The drama left Johnson huddling with allies in his Capitol office to come up with a Plan B. (Al Drago/Bloomberg News)

But Musk throughout the day fired off a barrage of posts on X calling for a shutdown if Republicans couldn’t strike a deal more to his liking.

Trump and Vice President-elect J.D. Vance delivered the final blow late in the afternoon with a joint post assailing the proposal and calling for a new approach that would bring in the fraught issue of raising the debt ceiling.
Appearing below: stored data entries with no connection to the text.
Lemma guessable_of_closed_cover (S : (nat -> nat) -> Prop) :
  (forall f, exists c, forall b, K c b f) ->
  (forall f c, (forall b, K c b f) -> (lab c = true <-> S f)) ->
  guessable S.
Proof.
  intros Hcover Hlab. exists cover_guesser. intro f.
  destruct (dec_inh_nat_subset_has_unique_least_element (fun c => forall b, K c b f)
              (fun c => classic _) (Hcover f)) as [c [[Hc Hleast] _]].
  assert (Hmin : forall c', c' < c -> ~ forall b, K c' b f).
  { intros c' Hlt Hc'. specialize (Hleast c' Hc'). lia. }
  destruct (least_unrefuted_prefix_eventually f c Hc Hmin) as [N HN].
  exists (N + 1). split; [lia|]. intros n Hn.
  rewrite (cover_guesser_least_unrefuted _ c) by (apply HN; lia).
  apply Hlab, Hc.
Qed.
End ClosedCover.

Lemma guessable_of_Sigma2_coSigma2 (S : (nat -> nat) -> Prop)
  (P Q : nat -> nat -> (nat -> nat) -> Prop) :
  (forall a b f, continuous_at (P a b) f) ->
  (forall a b f, continuous_at (Q a b) f) ->
  (forall f, S f <-> exists a, forall b, P a b f) ->
  (forall f, ~ S f <-> exists a, forall b, Q a b f) ->
  guessable S.
Proof.
  intros HPc HQc HS HnS.
  set (K c b g := if Nat.even c then P (Nat.div2 c) b g else Q (Nat.div2 c) b g).
  apply (guessable_of_closed_cover K Nat.even).
  - intros c b f. unfold K. destruct (Nat.even c); auto.
  - intro f. destruct (classic (S f)) as [Hf|Hf].
    + apply HS in Hf as [a Ha]. exists (2 * a). intro b. unfold K.
      rewrite Nat.even_even, Nat.div2_double. apply Ha.
    + apply HnS in Hf as [a Ha]. exists (2 * a + 1). intro b. unfold K.
      rewrite Nat.even_add, Nat.even_even, Nat.div2_odd'. apply Ha.
  - intros f c Hc. unfold K in Hc. destruct (Nat.even c).
    + split; [intros _ | reflexivity]. apply HS. eauto.
    + split; [discriminate|]. intro Hf. exfalso. apply (proj2 (HnS f)); eauto.
Qed.

Theorem mainTheorem8 (S : (nat -> nat) -> Prop)
  (x y : var) (phi : formula) (x' y' : var) (psi : formula) :
  qfree phi -> qfree psi ->
  defines (fall x (fex y phi)) S ->
  defines (fex x' (fall y' psi)) S ->
  guessable S.
Proof.
  intros Hphi Hpsi [_ Hforall] [_ Hexists].
  apply (guessable_of_Sigma2_coSigma2 S
           (fun a b g => sat g (upd (upd (fun _ => 0) x' a) y' b) psi)
           (fun a b g => ~ sat g (upd (upd (fun _ => 0) x a) y b) phi)).
  - intros a b f. apply sat_qfree_continuous, Hpsi.
  - intros a b f. apply (continuous_at_map not), sat_qfree_continuous, Hphi.
  - intro f. rewrite <- Hexists. reflexivity.
  - intro f. rewrite <- Hforall. unfold models. cbn [sat]. split.
    + intro Hf. apply not_all_ex_not in Hf as [a Ha].
      exists a. apply not_ex_all_not, Ha.
    + intros [a Ha] Hf. destruct (Hf a) as [b Hb]. exact (Ha b Hb).
Qed.
(* In the continuous Donation Game, let $\gamma\in\mathbb{R}$. Suppose there exist a bounded measurable $\psi:[0,K]\to\mathbb{R}$, a probability measure $\sigma_X^0$ on $[0,K]$ and a Markov kernel $\sigma_X[x,y]$ from $[0,K]^2$ to $[0,K]$ such that for all $x,y\in[0,K]$, $$u_Y(x,y)-\gamma=\psi(x)-\lambda\int\psi(s)\,d\sigma_X[x,y](s)-(1-\lambda)\int\psi(s)\,d\sigma_X^0(s).$$ Then $0\le\gamma\le b(K)-c(K)$.
   Context: Continuous Donation Game: fix $K>0$ and measurable nondecreasing functions $b,c:[0,K]\to\mathbb{R}$ with $b(0)=c(0)=0$ and $b(s)>c(s)$ for $s>0$. Action spaces $S_X=S_Y=[0,K]$, payoffs $u_X(x,y)=b(y)-c(x)$, $u_Y(x,y)=b(x)-c(y)$, discount factor $\lambda\in(0,1)$. *)

From Stdlib Require Import Reals Lra List Classical ClassicalEpsilon.
Open Scope R_scope.

Definition sigma_algebra {T : Type} (S : (T -> Prop) -> Prop) : Prop :=
  S (fun _ => True) /\
  (forall A, S A -> S (fun x => ~ A x)) /\
  (forall F : nat -> T -> Prop, (forall n, S (F n)) -> S (fun x => exists n, F n x)).

Definition generated {T : Type} (G : (T -> Prop) -> Prop) (A : T -> Prop) : Prop :=
  forall S, sigma_algebra S -> (forall B, G B -> S B) -> S A.

Definition borelR : (R -> Prop) -> Prop :=
  generated (fun B => exists a b, forall x, B x <-> a < x < b).

Definition borelR2 : (R * R -> Prop) -> Prop :=
  generated (fun B => exists a b c d,
     forall p, B p <-> (a < fst p < b /\ c < snd p < d)).

Definition inI (K x : R) : Prop := 0 <= x <= K.

Definition measurable_on (K : R) (f : R -> R) : Prop :=
  forall a : R, borelR (fun x => inI K x /\ f x <= a).

Definition measurable2_on (K : R) (g : R -> R -> R) : Prop :=
  forall a : R, borelR2 (fun p => inI K (fst p) /\ inI K (snd p) /\ g (fst p) (snd p) <= a).

Definition bounded_on (K : R) (f : R -> R) : Prop :=
  exists M, forall x, inI K x -> Rabs (f x) <= M.

(** * Probability measures on [0,K]
   Represented as a Borel probability measure on R concentrated on [0,K]
   (values on non-Borel sets are irrelevant). *)
Definition pairwise_disjoint {T : Type} (F : nat -> T -> Prop) : Prop :=
  forall n m, n <> m -> forall x, F n x -> F m x -> False.

Definition is_prob_measure (K : R) (mu : (R -> Prop) -> R) : Prop :=
  (forall A, borelR A -> 0 <= mu A) /\
  (forall F : nat -> R -> Prop, (forall n, borelR (F n)) -> pairwise_disjoint F ->
      infinite_sum (fun n => mu (F n)) (mu (fun x => exists n, F n x))) /\
  mu (fun _ => True) = 1 /\
  mu (fun x => inI K x) = 1.

Definition is_markov_kernel (K : R) (sigma : R -> R -> (R -> Prop) -> R) : Prop :=
  (forall x y, inI K x -> inI K y -> is_prob_measure K (sigma x y)) /\
  (forall A, borelR A -> measurable2_on K (fun x y => sigma x y A)).

Definition indic (A : R -> Prop) (x : R) : R :=
  if excluded_middle_informative (A x) then 1 else 0.

Definition simple_eval (s : list (R * (R -> Prop))) (x : R) : R :=
  fold_right (fun p acc => fst p * indic (snd p) x + acc) 0 s.

Definition simple_int (mu : (R -> Prop) -> R) (s : list (R * (R -> Prop))) : R :=
  fold_right (fun p acc => fst p * mu (snd p) + acc) 0 s.

Definition lower_sums (K : R) (mu : (R -> Prop) -> R) (f : R -> R) (r : R) : Prop :=
  exists s, Forall (fun p => borelR (snd p)) s /\
            (forall x, inI K x -> simple_eval s x <= f x) /\
            r = simple_int mu s.

Definition is_integral (K : R) (mu : (R -> Prop) -> R) (f : R -> R) (I : R) : Prop :=
  is_lub (lower_sums K mu f) I.

Definition uX (b c : R -> R) (x y : R) : R := b y - c x.
Definition uY (b c : R -> R) (x y : R) : R := b x - c y.

Definition donation_game (K : R) (b c : R -> R) : Prop :=
  0 < K /\
  measurable_on K b /\ measurable_on K c /\
  (forall s t, 0 <= s -> s <= t -> t <= K -> b s <= b t) /\
  (forall s t, 0 <= s -> s <= t -> t <= K -> c s <= c t) /\
  b 0 = 0 /\ c 0 = 0 /\
  (forall s, 0 < s <= K -> c s < b s).

(* Let M and m be the supremum and infimum of psi on [0,K].  Integrating psi
   against any probability measure on [0,K] gives a value in [m, M].  With
   y = 0 the identity reads psi x = b x - gamma + lam I + (1 - lam) I0, and
   b x >= 0, so taking the infimum over x gives
   m >= - gamma + lam m + (1 - lam) m, i.e. gamma >= 0.  Symmetrically, with
   y = K and b x <= b K, taking the supremum gives
   M <= b K - c K - gamma + M. *)
From Stdlib Require Import Reals List Lra Lia Classical ClassicalEpsilon FunctionalExtensionality PropExtensionality.
Open Scope R_scope.

Lemma pred_ext (A B : R -> Prop) : (forall x, A x <-> B x) -> A = B.
Proof. intro H; extensionality x; apply propositional_extensionality; auto. Qed.

Lemma borelR_ext A B : borelR A -> (forall x, A x <-> B x) -> borelR B.
Proof. intros HA H; rewrite <- (pred_ext A B H); exact HA. Qed.

Lemma borelR_sigma_algebra : sigma_algebra borelR.
Proof.
  split; [|split].
  - intros S HS _; apply HS.
  - intros A HA S HS HG; apply HS, HA; auto.
  - intros F HF S HS HG; apply HS; intro n; apply HF; auto.
Qed.

Lemma borelR_setT : borelR (fun _ => True).
Proof. apply borelR_sigma_algebra. Qed.

Lemma borelR_compl A : borelR A -> borelR (fun x => ~ A x).
Proof. apply borelR_sigma_algebra. Qed.

Lemma borelR_set0 : borelR (fun _ => False).
Proof. apply (borelR_ext _ _ (borelR_compl _ borelR_setT)); tauto. Qed.

Lemma borelR_union A B : borelR A -> borelR B -> borelR (fun x => A x \/ B x).
Proof.
  intros HA HB.
  set (F := fun n : nat => match n with O => A | _ => B end).
  assert (HF : borelR (fun x => exists n, F n x)).
  { apply borelR_sigma_algebra. intros [|n]; simpl; auto. }
  apply (borelR_ext _ _ HF). intro x; split.
  - intros [[|n] Hn]; simpl in Hn; auto.
  - intros [H|H]; [exists O|exists (S O)]; exact H.
Qed.

Lemma borelR_inter A B : borelR A -> borelR B -> borelR (fun x => A x /\ B x).
Proof.
  intros HA HB.
  apply (borelR_ext _ _ (borelR_compl _ (borelR_union _ _ (borelR_compl _ HA) (borelR_compl _ HB)))).
  intro x; destruct (classic (A x)), (classic (B x)); tauto.
Qed.

Lemma borelR_open_interval a b : borelR (fun x => a < x < b).
Proof. intros S _ HG; apply HG; exists a, b; tauto. Qed.

Lemma borelR_inI K : borelR (inI K).
Proof.
  set (G := fun (n : nat) (x : R) => (- INR n - 1 < x < 0) \/ (K < x < K + INR n + 1)).
  assert (HG : borelR (fun x => ~ exists n, G n x)).
  { apply borelR_compl, borelR_sigma_algebra.
    intro n; apply borelR_union; apply borelR_open_interval. }
  apply (borelR_ext _ _ HG). intro x; unfold inI, G; split.
  - intros Hout.
    destruct (Rle_dec 0 x) as [H0|H0]; [destruct (Rle_dec x K) as [H1|H1]|].
    + lra.
    + exfalso; apply Hout. destruct (INR_archimed 1 (x - K)) as [n Hn]; [lra|].
      exists n; right; lra.
    + exfalso; apply Hout. destruct (INR_archimed 1 (- x)) as [n Hn]; [lra|].
      exists n; left; lra.
  - intros Hx [n [Hn|Hn]]; lra.
Qed.

Section ProbabilityMeasure.
Variable K : R.
Variable mu : (R -> Prop) -> R.
Hypothesis Hmu : is_prob_measure K mu.

Lemma mu_ext A B : (forall x, A x <-> B x) -> mu A = mu B.
Proof. intro H; rewrite (pred_ext A B H); reflexivity. Qed.

Lemma mu_ge0 A : borelR A -> 0 <= mu A.
Proof. destruct Hmu as [H _]; auto. Qed.

(* Countable additivity for the constant family of empty sets says that the
   partial sums (n+1) * mu set0 converge to mu set0. *)
Lemma mu_set0 : mu (fun _ => False) = 0.
Proof.
  destruct Hmu as [_ [Hadd _]].
  assert (Hsum := Hadd (fun _ _ => False) (fun _ => borelR_set0) (fun _ _ _ _ h _ => h)).
  simpl in Hsum.
  rewrite (mu_ext (fun _ => exists _ : nat, False) (fun _ => False)) in Hsum
    by (intro x; split; [intros [_ h]; exact h | tauto]).
  set (c := mu (fun _ => False)) in *.
  destruct (Req_dec c 0) as [E|E]; auto. exfalso.
  assert (Hc : 0 < Rabs c) by (apply Rabs_pos_lt; auto).
  destruct (Hsum (Rabs c / 2)) as [N HN]; [lra|].
  assert (h1 := HN N (Nat.le_refl _)).
  assert (h2 := HN (S N) (Nat.le_succ_diag_r _)).
  rewrite sum_cte in h1, h2. unfold Rdist in h1, h2. rewrite S_INR in h2.
  set (u := INR (S N)) in *.
  replace (c * (u + 1) - c) with ((c * u - c) + c) in h2 by ring.
  set (w := c * u - c) in *.
  split_Rabs; lra.
Qed.

Lemma mu_union_disjoint A B : borelR A -> borelR B -> (forall x, A x -> B x -> False) ->
  mu (fun x => A x \/ B x) = mu A + mu B.
Proof.
  intros HA HB Hdisj.
  destruct Hmu as [_ [Hadd _]].
  set (F := fun n : nat => match n with O => A | S O => B | _ => fun _ => False end).
  assert (HF : forall n, borelR (F n)) by (intros [|[|n]]; simpl; auto using borelR_set0).
  assert (HFdisj : pairwise_disjoint F).
  { intros n m Hnm x h1 h2. destruct n as [|[|n]], m as [|[|m]]; simpl in *;
      first [ congruence | eauto | contradiction ]. }
  assert (Hsum := Hadd F HF HFdisj).
  rewrite (mu_ext (fun x => exists n, F n x) (fun x => A x \/ B x)) in Hsum.
  2:{ intro x; split.
      - intros [[|[|n]] h]; simpl in h; tauto.
      - intros [h|h]; [exists O|exists (S O)]; exact h. }
  apply (uniqueness_sum (fun n => mu (F n))); auto.
  assert (Hpartial : forall k, sum_f_R0 (fun n => mu (F n)) (S k) = mu A + mu B).
  { induction k as [|k IH]; [reflexivity|].
    rewrite tech5, IH. simpl. rewrite mu_set0. ring. }
  intros eps Heps. exists (S O). intros [|n] Hn; [lia|].
  rewrite Hpartial. unfold Rdist. rewrite Rminus_diag, Rabs_R0; lra.
Qed.

Lemma mu_split A E : borelR E -> borelR A ->
  mu E = mu (fun x => E x /\ A x) + mu (fun x => E x /\ ~ A x).
Proof.
  intros HE HA. rewrite <- mu_union_disjoint.
  - apply mu_ext. intro x; destruct (classic (A x)); tauto.
  - apply borelR_inter; auto.
  - apply borelR_inter; auto using borelR_compl.
  - intros x h h'; tauto.
Qed.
Soon after, Trump threatened to actively oppose the re-election of any Republicans who supported the legislation.

The debt ceiling had been an issue legislators didn’t expect to have to confront until next year, and certainly wasn’t on their pre-holiday agenda.

Vance spent about an hour in Johnson’s office on Wednesday night. “We had a productive conversation,” he told reporters. “I think we’ll solve some problems here.”

Johnson later left the Capitol without answering questions.

Republicans representing states and districts set to benefit from disaster relief — such has hard-hit western North Carolina — began demanding that it not fall by the wayside.

“I’ll use every tool available to block a CR that fails Western North Carolina communities in need of long-term certainty,” Senator Thom Tillis, who is up for re-election in 2026 in the toss-up state, said on X, referring to the measure, known as a continuing resolution.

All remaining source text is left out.